Worse still is the geopolitical syndromes now dastardly introduced into the nation's public service such as the decimation of policy criteria, policy formulation, templates reviews, and their implementation to suit dynamics of change in the socio-economic terrains of Nigeria. Crude politics of religion, partisan politics, and geopolitical sectionalism all are imputed into public service employments, recruitments, appointments, promotions, demotions, retrenchment, and abrupt retirement of staff under the auspices of political rigmaroles in all shades of character. Ministerial and Boards membership appointments, the acclaimed performance of oversight functions by legislators in ministries and agencies of government including the unsolicited introduction of previously unknown nomenclatures of Senior Special Assistants, Special Assistants, and Personal Assistants either from outside or within a particular agency do mess up governnance and government. They similarly now bastardize career progression of staff and officers in the nation's public service to such an extent of the demise of esprit de corps was once associated with the functional harmony in public institutions in Nigeria. Political appointments and the characteristics that daily characterize the characters of especially the board members and committee members amongst the legislators that oversee certain ministries and government agencies are compartmentalized in juicy and/or none juicy nature where contracts and soups to lick abound but never their concern for an untainted service to fatherland. Therein lies the frustrations of the average Nigerian civil servant in Nigeria and their fears of the unknown future when they retire from public service due to age or length of service. In today's Nigeria, 85% of public servants may not have a roof over their heads at retirement and worse still the time the body chemistry takes a toll on each retiree and pensioner with little or nothing to bank on as life plummets now in one's face. The questions then are:
(1) Could the current political trends amongst the political appointees and Labor Union leaders stem the tides of frustrations and the general atmosphere of unproductivity amongst public servants in Nigeria?
(2) Would the current agitation for a wage rise for workers exclude those that retired unblemished under PTAD, PENCOM Programmed Withdrawal, and Annuity, or the pensioners be allowed to die and perish?

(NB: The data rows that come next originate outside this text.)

Lemma filterlim_scal_sqr_at_right_0 k :
  0 < k -> filterlim (fun x => k * x ^ 2) (at_right 0) (at_right 0).
Proof.
  intros Hk Q [eps HQ].
  assert (Hd : 0 < Rmin 1 (eps / k))
    by (apply Rmin_glb_lt; [lra | apply Rdiv_lt_0_compat; [apply cond_pos | exact Hk]]).
  exists (mkposreal _ Hd). intros x Hx Hx0. change (Rabs (x - 0) < Rmin 1 (eps / k)) in Hx.
  rewrite Rminus_0_r, Rabs_right in Hx by lra.
  pose proof (Rmin_l 1 (eps / k)). pose proof (Rmin_r 1 (eps / k)).
  apply HQ; [|apply Rmult_lt_0_compat; [exact Hk | apply pow_lt, Hx0]].
  change (Rabs (k * x ^ 2 - 0) < eps). rewrite Rminus_0_r, Rabs_right by (apply Rle_ge; nra).
  assert (k * x < eps).
  { replace (pos eps) with (k * (eps / k)) by (field; lra). apply Rmult_lt_compat_l; lra. }
  assert (x < 1) by lra. assert (0 < k * x) by nra. nra.
Qed.

Lemma is_lim_scal_sqr_p_infty k : 0 < k -> is_lim (fun x => k * x ^ 2) p_infty p_infty.
Proof.
  intros Hk. apply (is_lim_le_p_loc (fun x => k * x + 0)); [|apply is_lim_affine_p_infty, Hk].
  exists 1. intros x Hx. assert (0 < k * x) by nra. nra.
Qed.

Lemma limits_scal_comp_scal_sqr (P : R -> R) (L0 L1 k K : R) : 0 < k ->
  filterlim P (at_right 0) (locally L0) -> is_lim P p_infty L1 ->
  filterlim (fun x => K * P (k * x ^ 2)) (at_right 0) (locally (K * L0)) /\
  is_lim (fun x => K * P (k * x ^ 2)) p_infty (K * L1).
Proof.
  intros Hk H0 H1. split.
  - apply (filterlim_comp _ _ _ (fun x => P (k * x ^ 2)) (Rmult K) _ (locally L0)).
    + apply (filterlim_comp _ _ _ (fun x => k * x ^ 2) P _ (at_right 0)); [|exact H0].
      apply filterlim_scal_sqr_at_right_0, Hk.
    + apply (filterlim_scal_r K L0).
  - apply (is_lim_scal_l (fun x => P (k * x ^ 2)) K p_infty L1).
    apply (is_lim_comp P (fun x => k * x ^ 2) p_infty L1 p_infty);
      [exact H1 | apply is_lim_scal_sqr_p_infty, Hk |].
    exists 0. intros. discriminate.
Qed.

Lemma is_lim_p_infty_of_incr_bounded (P : R -> R) a B :
  (forall x y, a <= x <= y -> P x <= P y) -> (forall x, a <= x -> P x <= B) ->
  exists L : R, is_lim P p_infty L /\ forall x, a <= x -> P x <= L.
Proof.
  intros Hincr Hbnd.
  set (E := fun z => exists x, a <= x /\ z = P x).
  destruct (completeness E) as [L [HL1 HL2]].
  - exists B. intros z [x [Hx ->]]. auto.
  - exists (P a), a. split; [lra | reflexivity].
  - assert (Hub : forall x, a <= x -> P x <= L) by (intros x Hx; apply HL1; exists x; auto).
    exists L. split; [|exact Hub].
    apply is_lim_spec. intros eps.
    destruct (classic (exists x, a <= x /\ L - eps < P x)) as [[x0 [Hx0 Hlt]] | Hn].
    + exists x0. intros x Hx. pose proof (Hub x ltac:(lra)). pose proof (Hincr x0 x ltac:(lra)).
      apply Rabs_def1; lra.
    + exfalso. pose proof (cond_pos eps). assert (L <= L - eps); [|lra].
      apply HL2. intros z [x [Hx ->]]. apply Rnot_lt_le. intros Hlt. apply Hn. exists x; auto.
Qed.

(* Reduced to the previous lemma through [x |-> 1 / x]. *)
Lemma at_right_0_lim_of_incr_bounded (P : R -> R) B :
  (forall x y, 0 < x <= y -> y <= 1 -> P x <= P y) -> (forall x, 0 < x <= 1 -> B <= P x) ->
  exists L, filterlim P (at_right 0) (locally L) /\ forall x, 0 < x <= 1 -> L <= P x.
Proof.
  intros Hincr Hbnd.
  destruct (is_lim_p_infty_of_incr_bounded (fun x => - P (/ x)) 1 (- B)) as [L [HL Hub]].
  - intros x y Hxy. assert (0 < x * y) by nra. apply Ropp_le_contravar, Hincr.
    + split; [apply Rinv_0_lt_compat; lra | apply Rinv_le_contravar; lra].
    + rewrite <- Rinv_1. apply Rinv_le_contravar; lra.
  - intros x Hx. apply Ropp_le_contravar, Hbnd. split; [apply Rinv_0_lt_compat; lra|].
    rewrite <- Rinv_1. apply Rinv_le_contravar; lra.
  - exists (- L). split.
    + apply (filterlim_ext_loc (fun x => - (- P (/ / x)))).
      * exists (mkposreal 1 Rlt_0_1). intros x _ Hx. rewrite Rinv_inv. ring.
      * apply (filterlim_comp _ _ _ (fun x => - P (/ / x)) Ropp _ (locally L)).
        -- apply (filterlim_comp _ _ _ Rinv (fun x => - P (/ x)) _ (Rbar_locally p_infty));
             [apply filterlim_Rinv_0_right | exact HL].
        -- apply (filterlim_opp L).
    + intros x Hx. pose proof (Hub (/ x)) as H. rewrite Rinv_inv in H.
      enough (H1 : 1 <= / x) by (specialize (H H1); lra).
      rewrite <- Rinv_1. apply Rinv_le_contravar; lra.
Qed.
(** * 3. Prime ideals *)

Section Ideals.
Context {A : DeltaAlgebra}.
Local Notation "x ⊕ y" := (oplus A x y) (at level 50, left associativity).
Local Notation "¬ x" := (Defs.neg A x) (at level 35, right associativity).
Local Notation "𝟎" := (zero A).
Local Notation "𝟏" := (one A).

Definition proper_ideal (I : A -> Prop) : Prop :=
  (forall a b, I a -> I b -> I (a ⊕ b)) /\ (forall a b, leq a b -> I b -> I a) /\ ~ I 𝟏.

(* A prime ideal: for any x y, one of x - y and y - x lies in it.  Modulo a
   prime ideal the order of A becomes total. *)
Record prime_ideal (M : A -> Prop) : Prop := {
  pi_zero : M 𝟎;
  pi_oplus : forall a b, M a -> M b -> M (a ⊕ b);
  pi_down : forall a b, leq a b -> M b -> M a;
  pi_proper : ~ M 𝟏;
  pi_prime : forall x y, M (monus x y) \/ M (monus y x)
}.

(* A maximal proper ideal exists by Zorn's lemma, since the union of a chain of
   proper ideals is a proper ideal. *)
Lemma exists_maximal_ideal : exists M, proper_ideal M /\
  forall B, (forall t, M t -> B t) -> (exists t, B t /\ ~ M t) -> ~ proper_ideal B.
Proof.
  destruct (@classical_sets.Zorn_bigcup A proper_ideal) as [M [HM Mmax]].
  - intros F HF Htot.
    unfold classical_sets.bigcup; split; [|split]; cbn.
    + intros a b [X FX Xa] [Y FY Yb].
      destruct (Htot X Y FX FY) as [HXY|HYX].
      * exists Y; auto. apply (proj1 (HF Y FY)); auto.
      * exists X; auto. apply (proj1 (HF X FX)); auto.
    + intros a b Hab [X FX Xb]. exists X; auto.
      apply (proj1 (proj2 (HF X FX))) with b; auto.
    + intros [X FX Xe]. exact (proj2 (proj2 (HF X FX)) Xe).
  - exists M. split; auto. intros B MB [t [Bt Mt]].
    apply Mmax. split; [exact MB|]. intro BM. exact (Mt (BM t Bt)).
Qed.

Section MaximalIdeal.
Variable M : A -> Prop.
Hypothesis M_ideal : proper_ideal M.
Hypothesis M_maximal : forall B, (forall t, M t -> B t) -> (exists t, B t /\ ~ M t) ->
  ~ proper_ideal B.
Definition convex_fun (f : R -> R) : Prop :=
  forall x y l, 0 <= l <= 1 ->
    f (l * x + (1 - l) * y) <= l * f x + (1 - l) * f y.

Definition admissible (Rr : R) (f : R -> R) : Prop :=
  C2 f /\ convex_fun f /\ (forall t, 0 < f t) /\
  (forall t, t ^ 2 + f t ^ 2 > Rr ^ 2).

Definition alpha_f (f : R -> R) (t : R) : R :=
  (t * Derive f t - f t) / sqrt (1 + (Derive f t) ^ 2).

Definition D_f (Rr : R) (f : R -> R) (t : R) : Prop := alpha_f f t < Rr.

Definition x_f (Rr : R) (f : R -> R) (t : R) : R :=
  t + Derive f t / (2 * sqrt (1 + (Derive f t) ^ 2)) *
      ((t ^ 2 + f t ^ 2 - Rr ^ 2) / (Rr - alpha_f f t)).

Definition y_f (Rr : R) (f : R -> R) (t : R) : R :=
  f t - 1 / (2 * sqrt (1 + (Derive f t) ^ 2)) *
      ((t ^ 2 + f t ^ 2 - Rr ^ 2) / (Rr - alpha_f f t)).

Definition equidistant_function (Rr : R) (G : R -> R) : Prop :=
  exists f, admissible Rr f /\
    forall p : pt, equidistant_set (disk Rr) (epigraph f) p <-> snd p = G (fst p).

Definition h_of (Rr : R) (G : R -> R) (x : R) : R :=
  x - (sqrt (x ^ 2 + G x ^ 2) - Rr) / sqrt (x ^ 2 + G x ^ 2) *
      ((x * (1 - (Derive G x) ^ 2) + 2 * G x * Derive G x) / (1 + (Derive G x) ^ 2)).

Definition rbar_interval (a b : Rbar) (t : R) : Prop := Rbar_lt a t /\ Rbar_lt t b.

From Stdlib Require Import Reals Rgeom Lra Psatz.
From Coquelicot Require Import Coquelicot.
Open Scope R_scope.

(* A point p equidistant from K and L_f lies strictly below the graph of f, so it
   is (t + c f'(t), f t - c) with c > 0, where (t, f t) is its nearest point on the
   graph; by convexity its distance to L_f is c sqrt(1 + f'(t)^2), and equating
   this with |p| - R forces t in D_f and p = (x_f t, y_f t).  Hence the
   equidistant set is exactly the curve (x_f, y_f) on D_f.  When this curve is the
   graph of G, a first-order condition at x_f t gives h (x_f t) = t, so h inverts
   x_f on D_f, and both directions follow by transporting parameters through h
   and its inverse. *)

Definition pnorm (p : pt) : R := sqrt (fst p ^ 2 + snd p ^ 2).

Lemma edist_eq_of_sq (p q : pt) (s : R) : 0 <= s ->
  (fst p - fst q) ^ 2 + (snd p - snd q) ^ 2 = s ^ 2 -> edist p q = s.
Proof. intros Hs H. unfold edist. rewrite H. now apply sqrt_pow2. Qed.

Lemma edist_ge_of_sq (p q : pt) (s : R) : 0 <= s ->
  s ^ 2 <= (fst p - fst q) ^ 2 + (snd p - snd q) ^ 2 -> s <= edist p q.
Proof.
  intros Hs H. unfold edist. rewrite <- (sqrt_pow2 s Hs). now apply sqrt_le_1_alt.
Qed.

Lemma edist_triangle (p q r : pt) : edist p r <= edist p q + edist q r.
Proof.
  pose proof (triangle (fst p) (snd p) (fst r) (snd r) (fst q) (snd q)) as T.
  unfold dist_euc in T. rewrite !Rsqr_pow2 in T. exact T.
Qed.

Lemma edist_origin (p : pt) : edist p (0, 0) = pnorm p.
Proof. unfold edist, pnorm; cbn [fst snd]. f_equal. ring. Qed.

(3) To what extent are the Labor Union leaders true to themselves that they are productive in their various capacities and are vistas of light to other workers they claim to serve to be productive, faithful, loyal, and honest and to serve Nigeria with all their strength and to defend her honor and glory so that the one and only God we all claim to worship help us all?
(4) Would the Labor Unions leaders also help Nigeria and the current administration to help take Nigeria out of the economic morass, political despondency, and religious bigotry or be divisive under the platform of irresponsible agitations and strikes that may get Nigeria further rotten in corruption and divided Nigeria?
Contrary to the symptoms associated with average agitators and acclaimed human rights activists that, "Every human being is a born agitator but give him a pot of soup and he forgets his agitation", the question then, is, " To Be or Not To Be?"
In workers, Labor Unions activists, and governments as a whole it must be reinstated the admonition of a sage, "Today is Yesterday's Tomorrow, are You Moving Forward in Thoughts and Conducts?".
I remember as if it were yesterday my associations and official interactions with true workers union leaders, Alhaji Balte and Mr. Kumleng both of the P& T union leaders in Bauchi (1981-85).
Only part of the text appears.